Retype, word for word, every line of the records below starting at the one that contains "(1 - tau1))" and ending at the one that contains "(* With K = 1"; include both of those lines and nothing more.

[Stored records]
+ + + + + + +

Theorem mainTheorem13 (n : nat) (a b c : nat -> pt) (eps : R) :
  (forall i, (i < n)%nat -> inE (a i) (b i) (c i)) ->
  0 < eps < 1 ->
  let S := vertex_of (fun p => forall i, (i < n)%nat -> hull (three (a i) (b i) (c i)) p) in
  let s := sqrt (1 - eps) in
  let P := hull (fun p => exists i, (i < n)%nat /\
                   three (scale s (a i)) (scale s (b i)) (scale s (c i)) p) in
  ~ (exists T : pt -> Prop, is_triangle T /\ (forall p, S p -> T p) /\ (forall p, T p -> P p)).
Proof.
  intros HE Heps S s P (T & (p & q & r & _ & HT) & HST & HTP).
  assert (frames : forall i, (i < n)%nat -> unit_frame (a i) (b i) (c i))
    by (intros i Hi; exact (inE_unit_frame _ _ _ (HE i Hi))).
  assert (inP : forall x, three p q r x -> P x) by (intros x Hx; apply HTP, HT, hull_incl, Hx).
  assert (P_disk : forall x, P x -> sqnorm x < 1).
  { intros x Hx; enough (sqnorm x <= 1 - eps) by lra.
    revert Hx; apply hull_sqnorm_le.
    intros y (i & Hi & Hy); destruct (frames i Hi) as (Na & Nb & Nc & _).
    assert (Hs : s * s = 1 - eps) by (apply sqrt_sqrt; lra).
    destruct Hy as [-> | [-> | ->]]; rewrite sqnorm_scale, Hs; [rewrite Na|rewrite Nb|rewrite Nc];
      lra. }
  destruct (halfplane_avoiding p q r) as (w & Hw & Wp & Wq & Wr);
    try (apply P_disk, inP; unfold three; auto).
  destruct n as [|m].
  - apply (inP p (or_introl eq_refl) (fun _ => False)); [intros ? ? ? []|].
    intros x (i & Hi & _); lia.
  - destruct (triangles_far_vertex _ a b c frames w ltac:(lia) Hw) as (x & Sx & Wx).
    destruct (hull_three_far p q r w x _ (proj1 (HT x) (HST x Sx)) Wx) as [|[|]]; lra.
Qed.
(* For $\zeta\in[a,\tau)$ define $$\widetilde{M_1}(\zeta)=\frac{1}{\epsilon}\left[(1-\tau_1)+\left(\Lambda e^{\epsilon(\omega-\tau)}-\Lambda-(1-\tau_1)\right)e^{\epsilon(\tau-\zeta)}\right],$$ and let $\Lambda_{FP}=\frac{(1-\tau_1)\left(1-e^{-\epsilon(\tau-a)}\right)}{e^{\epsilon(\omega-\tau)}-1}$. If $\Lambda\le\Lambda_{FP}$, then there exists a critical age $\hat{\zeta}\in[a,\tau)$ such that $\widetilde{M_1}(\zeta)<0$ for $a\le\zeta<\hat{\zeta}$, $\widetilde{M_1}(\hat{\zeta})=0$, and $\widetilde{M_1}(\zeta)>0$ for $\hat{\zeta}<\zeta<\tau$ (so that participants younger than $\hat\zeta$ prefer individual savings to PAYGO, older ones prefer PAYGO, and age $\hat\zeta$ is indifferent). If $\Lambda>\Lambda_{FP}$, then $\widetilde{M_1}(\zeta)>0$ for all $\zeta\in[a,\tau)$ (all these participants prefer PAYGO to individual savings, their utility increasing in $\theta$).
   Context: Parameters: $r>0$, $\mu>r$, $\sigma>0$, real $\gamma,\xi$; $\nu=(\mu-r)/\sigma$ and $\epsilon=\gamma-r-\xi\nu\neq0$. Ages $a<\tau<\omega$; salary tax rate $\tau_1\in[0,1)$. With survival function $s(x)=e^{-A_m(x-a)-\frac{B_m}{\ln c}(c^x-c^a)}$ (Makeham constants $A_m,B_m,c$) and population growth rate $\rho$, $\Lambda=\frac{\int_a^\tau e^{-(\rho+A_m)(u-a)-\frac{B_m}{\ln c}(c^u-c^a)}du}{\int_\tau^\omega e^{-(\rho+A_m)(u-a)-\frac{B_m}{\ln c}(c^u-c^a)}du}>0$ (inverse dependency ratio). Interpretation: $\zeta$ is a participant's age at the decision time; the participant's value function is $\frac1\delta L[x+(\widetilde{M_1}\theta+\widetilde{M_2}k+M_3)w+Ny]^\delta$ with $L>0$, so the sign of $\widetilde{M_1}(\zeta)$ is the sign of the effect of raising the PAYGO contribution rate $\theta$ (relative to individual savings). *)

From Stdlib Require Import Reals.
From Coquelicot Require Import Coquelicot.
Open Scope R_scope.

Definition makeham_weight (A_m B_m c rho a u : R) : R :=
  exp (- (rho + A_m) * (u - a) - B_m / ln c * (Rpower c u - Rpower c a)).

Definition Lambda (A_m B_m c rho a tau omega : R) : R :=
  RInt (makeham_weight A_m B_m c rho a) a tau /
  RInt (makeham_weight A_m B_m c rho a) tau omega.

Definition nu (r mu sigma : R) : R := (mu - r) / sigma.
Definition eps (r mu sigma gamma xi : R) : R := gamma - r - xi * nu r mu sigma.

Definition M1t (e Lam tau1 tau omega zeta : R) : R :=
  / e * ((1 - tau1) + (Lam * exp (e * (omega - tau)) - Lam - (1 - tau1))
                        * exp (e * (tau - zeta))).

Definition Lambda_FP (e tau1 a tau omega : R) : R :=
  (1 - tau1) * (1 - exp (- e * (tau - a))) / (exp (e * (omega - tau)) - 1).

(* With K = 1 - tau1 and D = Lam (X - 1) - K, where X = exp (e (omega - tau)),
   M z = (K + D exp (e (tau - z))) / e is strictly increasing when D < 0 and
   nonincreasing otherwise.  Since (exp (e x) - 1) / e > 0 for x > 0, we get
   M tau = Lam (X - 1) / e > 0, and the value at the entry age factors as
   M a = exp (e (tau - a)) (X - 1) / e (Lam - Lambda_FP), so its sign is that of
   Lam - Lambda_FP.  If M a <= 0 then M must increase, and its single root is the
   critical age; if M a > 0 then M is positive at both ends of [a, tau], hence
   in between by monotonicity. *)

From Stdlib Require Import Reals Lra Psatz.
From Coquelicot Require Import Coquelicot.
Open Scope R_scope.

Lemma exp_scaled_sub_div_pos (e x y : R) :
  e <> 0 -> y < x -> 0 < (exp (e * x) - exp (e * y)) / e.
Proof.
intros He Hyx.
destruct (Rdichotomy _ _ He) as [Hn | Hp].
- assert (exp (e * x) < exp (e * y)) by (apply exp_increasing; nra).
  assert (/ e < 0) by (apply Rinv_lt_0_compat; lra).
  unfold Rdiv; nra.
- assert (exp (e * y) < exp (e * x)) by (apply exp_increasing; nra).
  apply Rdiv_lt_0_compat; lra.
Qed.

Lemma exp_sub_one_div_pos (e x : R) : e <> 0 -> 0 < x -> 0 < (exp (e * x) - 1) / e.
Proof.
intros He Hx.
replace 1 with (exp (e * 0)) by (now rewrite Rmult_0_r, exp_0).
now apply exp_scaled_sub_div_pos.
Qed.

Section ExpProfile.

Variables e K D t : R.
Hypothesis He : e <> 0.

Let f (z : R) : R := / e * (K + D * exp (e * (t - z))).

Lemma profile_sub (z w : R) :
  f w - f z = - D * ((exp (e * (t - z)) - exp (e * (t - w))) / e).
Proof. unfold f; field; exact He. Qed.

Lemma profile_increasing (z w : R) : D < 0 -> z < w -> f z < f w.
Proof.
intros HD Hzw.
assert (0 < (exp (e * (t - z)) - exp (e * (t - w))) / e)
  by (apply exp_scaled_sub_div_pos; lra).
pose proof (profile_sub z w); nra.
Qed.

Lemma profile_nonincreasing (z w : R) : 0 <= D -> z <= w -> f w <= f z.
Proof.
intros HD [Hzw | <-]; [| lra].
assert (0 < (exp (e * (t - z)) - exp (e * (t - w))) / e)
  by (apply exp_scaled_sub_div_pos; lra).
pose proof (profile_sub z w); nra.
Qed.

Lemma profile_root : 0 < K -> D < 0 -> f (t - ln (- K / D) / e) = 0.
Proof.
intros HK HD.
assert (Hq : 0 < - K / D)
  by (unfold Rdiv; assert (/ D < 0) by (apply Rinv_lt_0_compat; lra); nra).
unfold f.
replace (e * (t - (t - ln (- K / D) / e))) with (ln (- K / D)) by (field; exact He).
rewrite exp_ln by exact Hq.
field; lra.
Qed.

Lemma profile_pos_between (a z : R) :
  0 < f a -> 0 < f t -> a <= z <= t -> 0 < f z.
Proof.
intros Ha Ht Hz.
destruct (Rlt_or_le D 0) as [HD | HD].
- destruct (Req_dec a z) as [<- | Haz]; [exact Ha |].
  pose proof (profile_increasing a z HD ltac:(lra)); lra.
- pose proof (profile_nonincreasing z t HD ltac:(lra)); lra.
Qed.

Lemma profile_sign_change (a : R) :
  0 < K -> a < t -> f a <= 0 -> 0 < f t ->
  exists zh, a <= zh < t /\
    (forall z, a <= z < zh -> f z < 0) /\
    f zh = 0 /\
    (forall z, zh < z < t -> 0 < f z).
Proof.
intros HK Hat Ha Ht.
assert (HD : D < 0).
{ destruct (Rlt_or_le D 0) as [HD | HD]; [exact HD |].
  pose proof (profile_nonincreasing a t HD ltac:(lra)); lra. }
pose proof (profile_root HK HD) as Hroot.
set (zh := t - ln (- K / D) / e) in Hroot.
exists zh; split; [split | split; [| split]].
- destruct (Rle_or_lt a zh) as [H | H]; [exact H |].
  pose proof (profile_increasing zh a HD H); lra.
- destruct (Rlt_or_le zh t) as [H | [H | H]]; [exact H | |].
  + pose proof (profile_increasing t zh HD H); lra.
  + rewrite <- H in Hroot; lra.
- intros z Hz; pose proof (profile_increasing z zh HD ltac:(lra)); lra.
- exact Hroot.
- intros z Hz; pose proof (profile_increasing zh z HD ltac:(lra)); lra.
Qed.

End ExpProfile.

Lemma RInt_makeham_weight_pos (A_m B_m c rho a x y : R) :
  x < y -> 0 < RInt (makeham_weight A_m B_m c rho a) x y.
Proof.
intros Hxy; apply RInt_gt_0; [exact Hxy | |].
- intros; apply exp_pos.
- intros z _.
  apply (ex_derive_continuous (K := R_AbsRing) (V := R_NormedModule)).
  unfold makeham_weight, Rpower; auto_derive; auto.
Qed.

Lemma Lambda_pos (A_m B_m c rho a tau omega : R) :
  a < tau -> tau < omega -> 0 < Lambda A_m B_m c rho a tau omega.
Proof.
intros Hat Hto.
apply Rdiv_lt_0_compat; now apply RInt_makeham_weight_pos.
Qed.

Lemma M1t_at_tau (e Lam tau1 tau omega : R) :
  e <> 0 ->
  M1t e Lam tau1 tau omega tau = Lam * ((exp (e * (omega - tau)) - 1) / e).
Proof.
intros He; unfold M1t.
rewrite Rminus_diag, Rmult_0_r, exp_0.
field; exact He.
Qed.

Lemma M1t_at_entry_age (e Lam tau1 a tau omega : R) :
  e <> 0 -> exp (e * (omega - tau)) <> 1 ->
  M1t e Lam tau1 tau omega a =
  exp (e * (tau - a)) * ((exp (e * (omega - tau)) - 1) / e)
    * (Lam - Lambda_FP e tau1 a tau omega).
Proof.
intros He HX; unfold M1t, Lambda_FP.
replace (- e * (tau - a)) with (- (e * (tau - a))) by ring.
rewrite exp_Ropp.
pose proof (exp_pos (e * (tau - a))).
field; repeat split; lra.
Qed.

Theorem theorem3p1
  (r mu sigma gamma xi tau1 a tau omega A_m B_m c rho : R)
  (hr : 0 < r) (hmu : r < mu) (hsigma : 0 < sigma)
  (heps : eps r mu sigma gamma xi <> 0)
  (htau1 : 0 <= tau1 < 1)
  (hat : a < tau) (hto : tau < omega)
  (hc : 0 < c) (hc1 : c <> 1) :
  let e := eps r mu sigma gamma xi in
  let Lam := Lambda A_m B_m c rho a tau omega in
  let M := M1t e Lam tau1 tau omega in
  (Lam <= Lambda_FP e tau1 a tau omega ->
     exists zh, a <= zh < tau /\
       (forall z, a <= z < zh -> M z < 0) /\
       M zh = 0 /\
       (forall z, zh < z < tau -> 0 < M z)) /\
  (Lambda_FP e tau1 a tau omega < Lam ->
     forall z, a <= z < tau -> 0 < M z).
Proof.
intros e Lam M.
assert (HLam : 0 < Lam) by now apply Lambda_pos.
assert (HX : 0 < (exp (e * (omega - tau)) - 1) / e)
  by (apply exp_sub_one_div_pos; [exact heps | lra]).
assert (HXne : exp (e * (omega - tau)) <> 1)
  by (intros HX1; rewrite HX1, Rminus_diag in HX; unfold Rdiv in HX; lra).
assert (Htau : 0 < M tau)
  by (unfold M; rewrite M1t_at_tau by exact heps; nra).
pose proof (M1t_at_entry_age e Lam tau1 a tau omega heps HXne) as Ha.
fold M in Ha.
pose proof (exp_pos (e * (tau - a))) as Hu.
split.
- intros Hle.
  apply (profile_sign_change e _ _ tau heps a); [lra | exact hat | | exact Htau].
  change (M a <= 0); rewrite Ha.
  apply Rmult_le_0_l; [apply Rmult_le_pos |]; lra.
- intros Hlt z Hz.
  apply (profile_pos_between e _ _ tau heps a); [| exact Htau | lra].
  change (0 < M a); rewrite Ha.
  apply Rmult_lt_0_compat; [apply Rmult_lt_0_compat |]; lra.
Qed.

+ + + + + + +

#### [Output of the task]
  / e * ((1 - tau1) + (Lam * exp (e * (omega - tau)) - Lam - (1 - tau1))
                        * exp (e * (tau - zeta))).

Definition Lambda_FP (e tau1 a tau omega : R) : R :=
  (1 - tau1) * (1 - exp (- e * (tau - a))) / (exp (e * (omega - tau)) - 1).

(* With K = 1 - tau1 and D = Lam (X - 1) - K, where X = exp (e (omega - tau)),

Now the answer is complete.